From: Dry (dryad48@aol.commoner)
Subject: [PW!] Zombie
Newsgroups: alt.games.nintendo.pokemon
Date: 2001-04-03 21:38:02 PST
[PW!] Zombie
written by: Dry
"Yeah, they were teasing me again. Doesn't that give me the
right to punish them? You never punish them, all you do is point your finger
and give them the eye. They don't care about that kinda stuff. It just makes
you look like an idiot. I mean, like, the other day when they were throwing
french fries at me. And you know the fries are more important. So what did I
do? I walked right up to that asshole and socked him right in the nose.
A-word? Sorry. I mean, he's just doing that stuff to be cool
because he has pokemon and I don't. I mean, pokemon is not really important.
That's what my father says all the time. Hell, oh, heck, thats about the only
thing he ever usually talks about. 'Pokemon will ruin your life. Think about
making a real living.' Yeah, he's right I guess. I mean, pokemon isn't gonna
help the people out there. Can I go now?
What? My father? Isn't that none of your business?

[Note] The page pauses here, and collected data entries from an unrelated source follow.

(* Fix a string $x\in\{0,1\}^*$. Then $\mu_x(\varepsilon)=\rho(x)$, where $\varepsilon$ is the empty string, and for all nonempty strings $w=xy\in\{0,1\}^*$, \[ \mu_x(y1)=\mu_x(y)+1,\qquad \mu_x(y0)=\begin{cases}0&\text{if }\rho(xy)>\mu_x(y)=0,\\ \mu_x(y)-1&\text{otherwise.}\end{cases} \] Additionally, there exists a closed fork $F\vdash xy$ such that $\rho(F)=\rho(xy)$ and $\mu_x(F)=\mu_x(y)$.
   Context: Characteristic strings and forks. A characteristic string is $w=w_1\dots w_n\in\{0,1\}^n$; index $i$ is honest if $w_i=0$ and adversarial if $w_i=1$. A fork for $w$ is a rooted tree with edges directed away from the root $r$ and labeling $\ell:V\to\{0,\dots,n\}$ with (F1) $\ell(r)=0$; (F2) labels strictly increasing along directed paths; (F3) each honest index labels exactly one vertex; (F4) for honest $i<j$ the vertex labeled $i$ has strictly smaller depth than the vertex labeled $j$. Write $F\vdash w$. A vertex is honest if it is the root or labeled by an honest index. A tine is a directed path from the root; its length is its number of edges, $\ell(t)$ the label of its last vertex. A fork is closed if every leaf is honest (the single-vertex fork is closed); a closed fork has a unique longest tine $\hat t$. For closed $F\vdash w$ and tine $t$: $\mathrm{gap}(t)=\mathrm{length}(\hat t)-\mathrm{length}(t)$, $\mathrm{reserve}(t)=|\{i:w_i=1,\ i>\ell(t)\}|$, $\mathrm{reach}(t)=\mathrm{reserve}(t)-\mathrm{gap}(t)$; $\rho(F)=\max_t\mathrm{reach}(t)$ and $\rho(w)=\max\{\rho(F):F\vdash w\text{ closed}\}$. For $w=xy$, tines $t_1,t_2$ are disjoint over $y$ if they share no edge terminating at a vertex whose label is an index of $y$ (label $>|x|$); a tine may be paired with itself. $\mu_x(F)=\max\min\{\mathrm{reach}(t_1),\mathrm{reach}(t_2)\}$ over pairs disjoint over $y$, and $\mu_x(y)=\max\{\mu_x(F):F\vdash xy\text{ closed}\}$. *)

From Stdlib Require Import ClassicalEpsilon.
From mathcomp Require Import all_boot all_order all_algebra.
Set Implicit Arguments. Unset Strict Implicit. Unset Printing Implicit Defensive.
Import Order.TTheory GRing.Theory Num.Theory.

(* Characteristic strings: seq bool, with true = 1 (adversarial),
   false = 0 (honest).  Index i (1 <= i <= size w) refers to nth false w i.-1. *)
Definition charstring := seq bool.

Definition adv_idx (w : charstring) (i : nat) : bool :=
  (0 < i <= size w) && nth false w i.-1.
Definition honest_idx (w : charstring) (i : nat) : bool :=
  (0 < i <= size w) && ~~ nth false w i.-1.

(* Maximum of a set of integers (the element r of P with s <= r for all s in P);
   chosen by classical description; all uses below are of nonempty sets that
   are bounded above, so the maximum exists. *)
Definition imax (P : int -> Prop) : int :=
  epsilon (inhabits 0%Z) (fun r => P r /\ forall s, P s -> (s <= r)%R).

(* Vertices are 0..fsize,
   the root is 0, fpar v is the parent of the vertex v (v >= 1), and flab is
   the labelling.  Every finite rooted tree can be numbered so that parents
   precede children (fpar v < v), which is required in [is_fork]. *)
Record fork := Fork { fsize : nat; fpar : nat -> nat; flab : nat -> nat }.

Definition vertices (F : fork) : seq nat := iota 0 (fsize F).+1.

(* the vertex list of the tine (root path) ending at v, from v to the root *)
Fixpoint tine_aux (F : fork) (fuel v : nat) : seq nat :=
  match fuel with
  | 0 => [:: v]
  | f.+1 => if v == 0 then [:: 0] else v :: tine_aux F f (fpar F v)
  end.
Definition tine (F : fork) (v : nat) : seq nat := tine_aux F v v.

Definition depth (F : fork) (v : nat) : nat := (size (tine F v)).-1.

Definition honest_vertex (w : charstring) (F : fork) (v : nat) : bool :=
  (v == 0) || honest_idx w (flab F v).

Definition is_fork (w : charstring) (F : fork) : Prop :=
  (forall v, 0 < v <= fsize F -> fpar F v < v) /\
  [/\       flab F 0 = 0,
      (forall v, 0 < v <= fsize F -> flab F (fpar F v) < flab F v),
      (forall v, v <= fsize F -> flab F v <= size w),
      (forall i, honest_idx w i ->
          count (fun v => flab F v == i) (vertices F) = 1)
    & (forall u v, u <= fsize F -> v <= fsize F ->
          honest_idx w (flab F u) -> honest_idx w (flab F v) ->
          flab F u < flab F v -> depth F u < depth F v)
  ].

Definition is_leaf (F : fork) (v : nat) : bool :=
  ~~ has (fun u => (0 < u) && (fpar F u == v)) (vertices F).

Definition closed_fork (w : charstring) (F : fork) : Prop :=
  is_fork w F /\
  (forall v, v <= fsize F -> is_leaf F v -> honest_vertex w F v).

Definition height (F : fork) : nat := \max_(v <- vertices F) depth F v.

Definition gap (F : fork) (v : nat) : nat := height F - depth F v.
Definition reserve (w : charstring) (F : fork) (v : nat) : nat :=
  count (fun i => adv_idx w i && (flab F v < i)) (iota 1 (size w)).
Definition reach (w : charstring) (F : fork) (v : nat) : int :=
  ((reserve w F v)%:Z - (gap F v)%:Z)%R.

Definition rho_fork (w : charstring) (F : fork) : int :=
  imax (fun r => exists2 v, v <= fsize F & r = reach w F v).

Definition rho (w : charstring) : int :=
  imax (fun r => exists2 F, closed_fork w F & r = rho_fork w F).

(* tines ending at v1, v2 are disjoint over y (w = x y, k = |x|):
   they share no edge terminating at a vertex with label > k. *)
Definition disjoint_over (k : nat) (F : fork) (v1 v2 : nat) : bool :=
  ~~ has (fun u => (u != 0) && (k < flab F u) && (u \in tine F v2)) (tine F v1).

Definition mu_fork (x y : charstring) (F : fork) : int :=
  imax (fun r => exists v1 v2, [/\ v1 <= fsize F, v2 <= fsize F,
          disjoint_over (size x) F v1 v2 &
          r = Order.min (reach (x ++ y) F v1) (reach (x ++ y) F v2)]).

Definition mu (x y : charstring) : int :=
  imax (fun r => exists2 F, closed_fork (x ++ y) F & r = mu_fork x y F).

From Stdlib Require Import ClassicalEpsilon.
From mathcomp Require Import all_boot all_order all_algebra zify.
Import Order.TTheory GRing.Theory Num.Theory.
Set Implicit Arguments. Unset Strict Implicit. Unset Printing Implicit Defensive.

(* All the maxima involved are attained, and by induction on y one keeps a
   closed fork for xy that is optimal for rho and for mu at the same time.
   An adversarial symbol raises every reserve, hence every reach, by one and
   changes nothing else.  For an honest symbol, the lower bound grafts below a
   tine t of nonnegative reach a path through gap(t) adversarial slots of its
   reserve, ending in the new honest vertex h at depth height + 1: old reaches
   drop by one, h has reach 0 and is disjoint from every tine t was disjoint
   from.  Taking t the deepest tine, or, when mu = 0 < rho, a member of an
   optimal pair disjoint from a rho-optimal tine, gives the claimed values.
   For the upper bound, a closed fork for the extended string has a unique
   vertex h with the new label; pruning h and the adversarial path leading to
   it leaves a closed fork for the old string in which every surviving tine has
   its reach raised by at least one, and every pruned tine other than h is
   dominated by a surviving ancestor. *)

Lemma int_max_exists (P : int -> Prop) r0 B :
  P r0 -> (forall s, P s -> (s <= B)%R) ->
  exists r, P r /\ forall s, P s -> (s <= r)%R.
Proof.
move=> Pr0 PB.
suff: forall n r, P r -> (`|B - r|%N <= n)%N ->
  exists r, P r /\ forall s, P s -> (s <= r)%R by move/(_ _ r0 Pr0 (leqnn _)).
elim=> [|n IHn] r Pr rB.
- exists r; split=> // s Ps; have := PB _ Ps; have := PB _ Pr; lia.
- have [[s [Ps lt_rs]]|no_larger] := classic (exists s, P s /\ (r < s)%R).
  + by apply: (IHn s Ps); have := PB _ Ps; lia.
  + exists r; split=> // s Ps; case: (lerP s r) => // lt_rs.
    by case: no_larger; exists s.
Qed.

Lemma imax_spec (P : int -> Prop) r0 B :
  P r0 -> (forall s, P s -> (s <= B)%R) ->
  P (imax P) /\ forall s, P s -> (s <= imax P)%R.
Proof.
move=> Pr0 PB; apply: (epsilon_spec (inhabits 0%Z) (fun r => P r /\ _)).
exact: int_max_exists Pr0 PB.
Qed.

Lemma imax_eq (P : int -> Prop) r :
  P r -> (forall s, P s -> (s <= r)%R) -> imax P = r.
Proof.
move=> Pr r_max; have [Pm m_max] := imax_spec Pr r_max.
by apply/eqP; rewrite eq_le r_max ?m_max.
Qed.

Section Tines.
Variable F : fork.

(* Parents precede their children up to [v]: this is what makes the
   fuel-bounded [tine_aux] follow parent links all the way to the root. *)
Definition rooted_upto (v : nat) := forall u, 0 < u <= v -> fpar F u < u.

Lemma rooted_upto_le u v : rooted_upto v -> u <= v -> rooted_upto u.
Proof. by move=> rv uv x /andP[x0 xu]; apply: rv; rewrite x0 (leq_trans xu uv). Qed.

Lemma rooted_upto_par v : 0 < v -> rooted_upto v -> rooted_upto (fpar F v).
Proof.
move=> v0 rv; have pv : fpar F v < v by apply: rv; rewrite v0 /=.
exact: rooted_upto_le rv (ltnW pv).
Qed.

Lemma tine_aux_fuel f g v :
  rooted_upto v -> v <= f -> v <= g -> tine_aux F f v = tine_aux F g v.
Proof.
elim: f g v => [|f IHf] g v rv vf vg.
  by move: vf; rewrite leqn0 => /eqP->; case: g vg.
case: g vg => [|g] vg; first by move: vg; rewrite leqn0 => /eqP->.
rewrite /=; case: eqP => // /eqP v0.
have pv : fpar F v < v by apply: rv; rewrite lt0n v0 leqnn.
congr cons; apply: IHf; [by apply: rooted_upto_par; rewrite ?lt0n | lia | lia].
Qed.

Lemma tineS v : 0 < v -> rooted_upto v -> tine F v = v :: tine F (fpar F v).
Proof.
case: v => // v _ rv; rewrite /tine /=; congr cons.
have pv : fpar F v.+1 < v.+1 by apply: rv; rewrite leqnn.
by apply: tine_aux_fuel => //; apply: rooted_upto_par.
Qed.

Lemma mem_tineS v u : 0 < v -> rooted_upto v ->
  (u \in tine F v) = (u == v) || (u \in tine F (fpar F v)).
Proof. by move=> v0 rv; rewrite tineS // in_cons. Qed.

Lemma depthS v : 0 < v -> rooted_upto v -> depth F v = (depth F (fpar F v)).+1.
Proof.
move=> v0 rv; rewrite /depth tineS //=.
suff: 0 < size (tine F (fpar F v)) by case: (size _).
by rewrite /tine; case: (fpar F v) => //= n; case: ifP.
Qed.

Lemma mem_tine_self v : rooted_upto v -> v \in tine F v.
Proof. by case: v => [|v] // rv; rewrite tineS // in_cons eqxx. Qed.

Suspension? OK, whatever. No, I wouldn't say he neglects me,
I dunno. I miss mom. I dunno why she married him. I mean, he's old enough to be
my much older brother. Well, yeah, she was only 29 when...
Anyway... can I go now?
He has a job, yeah.
He buys me stuff, yeah.
Well, most of the time he's sitting on our top floor and
looking out the window, elbow on the table. I dunno, he just stares out there
at the trees or the sky. And no, he's not high, I get that a lot. I dunno 'how'
he looks he just does. It's sorta like he's waiting for something to happen. I
dunno, maybe he misses someone, or something. Not my mom. Sometimes I feel
sorry for him. He acts like he's been to hell and back sometimes. He listens to
too much of that Radiohead stuff it just makes it worse. Can I go now?
No, he doesn't hit me.
Yeah, he touches me.
What? You mean the other thing? Man, you're like five times
as old as me. You should actually say what you mean. I'm twelve, we already
know about this stuff. Can I go now? Finally! I don't get detention this time,
do I? Great."
Four fifteen in the afternoon. Shimmering sun in bloom
overhead. Wind bending toward the burning buildings. They stand helplessly
against the heat. It isn't even summer yet. Kurt still had time to go to the
park and meet with what few real friends he had. He was supposed to be home by
sundown and always was not knowing why. There probably wasn't any real
consequence.
As he approached the park Kurt saw one of the school's
pokemon trainers with his yellow and black striped pokemon. Kurt didn't know
the names. He looked at the guy and grumbled to himself.
"Look at him, all his future will be nothing but pokemon.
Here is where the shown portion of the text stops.